▶ [Action item]
Copy out the entries below precisely; nothing is to be omitted.

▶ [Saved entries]
(* With V(x) = x^6 - tau x^4 - t x^2 the weight is exp(-V), and integration by
   parts gives L(p') = L(p V') for the functional L(p) = int p exp(-V); the
   boundary terms vanish because p exp(-V) is dominated by a Gaussian.
   Put Q = P_n' + B_n P_n - A_n P_{n-1}, of degree at most n + 3.  By the
   identity above, L(P_n' P_j) is L(V' P_n P_j) for j < n and 0 otherwise, so
   each L(Q P_j) is a combination of moments L(x^a P_k P_j), which the
   three-term recurrence expresses through the beta_i and the norms
   h_j = L(P_j^2), where h_{j+1} = beta_{j+1} h_j.  For j <= n + 3 this
   combination vanishes identically (a finite check on j - n), so Q is
   orthogonal to P_0, ..., P_{n+3} and hence zero. *)

(** * Moments of a three-term recurrence *)

(* [moment b h a k j] is L('X^a P_k P_j) for any family with
   'X P_j = P_{j+1} + b_j P_{j-1} and L(P_k P_j) = (k == j) h_j. *)
Fixpoint moment {R : nzRingType} (b h : nat -> R) (a k j : nat) : R :=
  if a is a'.+1 then moment b h a' k j.+1 + b j * moment b h a' k j.-1
  else if k == j then h j else 0.

Lemma moment_eq0 {R : nzRingType} (b h : nat -> R) a k j :
  (a < k - j)%N -> moment b h a k j = 0.
Proof.
elim: a j => [|a IH] j /= ltakj; last by rewrite !IH ?mulr0 ?addr0 //; lia.
by case: eqP => // eqkj; move: ltakj; rewrite eqkj subnn.
Qed.

Definition sextic_potential {R : comNzRingType} (tau t : R) : {poly R} :=
  'X^6 - tau *: 'X^4 - t *: 'X^2.

Definition ladderB {R : comNzRingType} (b : nat -> R) (tau : R) n : {poly R} :=
  b n *: (6 *: 'X^3 + (6 * (b n.-1 + b n + b n.+1) - 4 * tau) *: 'X).

Definition ladderA {R : comNzRingType} (b : nat -> R) (tau t : R) n : {poly R} :=
  b n *: (6 *: 'X^4 + (6 * (b n + b n.+1) - 4 * tau) *: 'X^2
          + (6 * (b n * (b n.-1 + b n + b n.+1) + b n.+1 * (b n + b n.+1 + b n.+2))
             - 4 * tau * (b n + b n.+1) - 2 * t)%:P).

Ltac decide_nat_tests := repeat match goal with
  | |- context [(?x == ?y)%N] =>
      first [ rewrite (eqxx x) | have -> : (x == y) = false by (apply/eqP; lia) ]
  | |- context [(?x < ?y)%N] =>
      first [ have -> : (x < y)%N = true by lia
            | have -> : (x < y)%N = false by (apply/negbTE; lia) ]
  end.

Lemma size_ladderB {R : comNzRingType} (b : nat -> R) tau n :
  (size (ladderB b tau n) <= 4)%N.
Proof.
apply/leq_sizeP => i lei.
rewrite /ladderB !(coefZ, coefD, coefXn, coefX); decide_nat_tests; rewrite /=; ring.
Qed.

Lemma size_ladderA {R : comNzRingType} (b : nat -> R) tau t n :
  (size (ladderA b tau t n) <= 5)%N.
Proof.
apply/leq_sizeP => i lei.
rewrite /ladderA !(coefZ, coefD, coefXn, coefC); decide_nat_tests; rewrite /=; ring.
Qed.

Lemma size_sextic_potential_deriv {R : comNzRingType} (tau t : R) :
  (size (sextic_potential tau t)^`() <= 6)%N.
Proof.
apply/leq_sizeP => i lei.
rewrite coef_deriv /sextic_potential !(coefB, coefZ, coefXn).
by decide_nat_tests; rewrite /=; ring.
Qed.

Section LadderResidual.
Context {R : comNzRingType} (b h : nat -> R) (tau t : R).
Hypothesis b0 : b 0%N = 0.
Hypothesis h_succ : forall k, h k.+1 = b k.+1 * h k.

(* L(Q P_j) for Q = P_n' + B_n P_n - A_n P_{n-1}, through moments; the first
   summand is L(P_n' P_j), cf. [L_derivPP] below. *)
Definition ladder_residual m j : R :=
  let n := m.+1 in
  (if (j < n)%N then \sum_(i < 6) (sextic_potential tau t)^`()`_i * moment b h i n j
   else 0)
  + \sum_(i < 4) (ladderB b tau n)`_i * moment b h i n j
  - \sum_(i < 5) (ladderA b tau t n)`_i * moment b h i m j.

Ltac eval_moments :=
  rewrite ?addnS ?addn0 /=; decide_nat_tests; rewrite ?h_succ ?b0; ring.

▶ [Exercise output]
(* With V(x) = x^6 - tau x^4 - t x^2 the weight is exp(-V), and integration by
   parts gives L(p') = L(p V') for the functional L(p) = int p exp(-V); the
   boundary terms vanish because p exp(-V) is dominated by a Gaussian.
   Put Q = P_n' + B_n P_n - A_n P_{n-1}, of degree at most n + 3.  By the
   identity above, L(P_n' P_j) is L(V' P_n P_j) for j < n and 0 otherwise, so
   each L(Q P_j) is a combination of moments L(x^a P_k P_j), which the
   three-term recurrence expresses through the beta_i and the norms
   h_j = L(P_j^2), where h_{j+1} = beta_{j+1} h_j.  For j <= n + 3 this
   combination vanishes identically (a finite check on j - n), so Q is
   orthogonal to P_0, ..., P_{n+3} and hence zero. *)

(** * Moments of a three-term recurrence *)

(* [moment b h a k j] is L('X^a P_k P_j) for any family with
   'X P_j = P_{j+1} + b_j P_{j-1} and L(P_k P_j) = (k == j) h_j. *)
Fixpoint moment {R : nzRingType} (b h : nat -> R) (a k j : nat) : R :=
  if a is a'.+1 then moment b h a' k j.+1 + b j * moment b h a' k j.-1
  else if k == j then h j else 0.

Lemma moment_eq0 {R : nzRingType} (b h : nat -> R) a k j :
  (a < k - j)%N -> moment b h a k j = 0.
Proof.
elim: a j => [|a IH] j /= ltakj; last by rewrite !IH ?mulr0 ?addr0 //; lia.
by case: eqP => // eqkj; move: ltakj; rewrite eqkj subnn.
Qed.

Definition sextic_potential {R : comNzRingType} (tau t : R) : {poly R} :=
  'X^6 - tau *: 'X^4 - t *: 'X^2.

Definition ladderB {R : comNzRingType} (b : nat -> R) (tau : R) n : {poly R} :=
  b n *: (6 *: 'X^3 + (6 * (b n.-1 + b n + b n.+1) - 4 * tau) *: 'X).

Definition ladderA {R : comNzRingType} (b : nat -> R) (tau t : R) n : {poly R} :=
  b n *: (6 *: 'X^4 + (6 * (b n + b n.+1) - 4 * tau) *: 'X^2
          + (6 * (b n * (b n.-1 + b n + b n.+1) + b n.+1 * (b n + b n.+1 + b n.+2))
             - 4 * tau * (b n + b n.+1) - 2 * t)%:P).

Ltac decide_nat_tests := repeat match goal with
  | |- context [(?x == ?y)%N] =>
      first [ rewrite (eqxx x) | have -> : (x == y) = false by (apply/eqP; lia) ]
  | |- context [(?x < ?y)%N] =>
      first [ have -> : (x < y)%N = true by lia
            | have -> : (x < y)%N = false by (apply/negbTE; lia) ]
  end.

Lemma size_ladderB {R : comNzRingType} (b : nat -> R) tau n :
  (size (ladderB b tau n) <= 4)%N.
Proof.
apply/leq_sizeP => i lei.
rewrite /ladderB !(coefZ, coefD, coefXn, coefX); decide_nat_tests; rewrite /=; ring.
Qed.

Lemma size_ladderA {R : comNzRingType} (b : nat -> R) tau t n :
  (size (ladderA b tau t n) <= 5)%N.
Proof.
apply/leq_sizeP => i lei.
rewrite /ladderA !(coefZ, coefD, coefXn, coefC); decide_nat_tests; rewrite /=; ring.
Qed.

Lemma size_sextic_potential_deriv {R : comNzRingType} (tau t : R) :
  (size (sextic_potential tau t)^`() <= 6)%N.
Proof.
apply/leq_sizeP => i lei.
rewrite coef_deriv /sextic_potential !(coefB, coefZ, coefXn).
by decide_nat_tests; rewrite /=; ring.
Qed.

Section LadderResidual.
Context {R : comNzRingType} (b h : nat -> R) (tau t : R).
Hypothesis b0 : b 0%N = 0.
Hypothesis h_succ : forall k, h k.+1 = b k.+1 * h k.

(* L(Q P_j) for Q = P_n' + B_n P_n - A_n P_{n-1}, through moments; the first
   summand is L(P_n' P_j), cf. [L_derivPP] below. *)
Definition ladder_residual m j : R :=
  let n := m.+1 in
  (if (j < n)%N then \sum_(i < 6) (sextic_potential tau t)^`()`_i * moment b h i n j
   else 0)
  + \sum_(i < 4) (ladderB b tau n)`_i * moment b h i n j
  - \sum_(i < 5) (ladderA b tau t n)`_i * moment b h i m j.

Ltac eval_moments :=
  rewrite ?addnS ?addn0 /=; decide_nat_tests; rewrite ?h_succ ?b0; ring.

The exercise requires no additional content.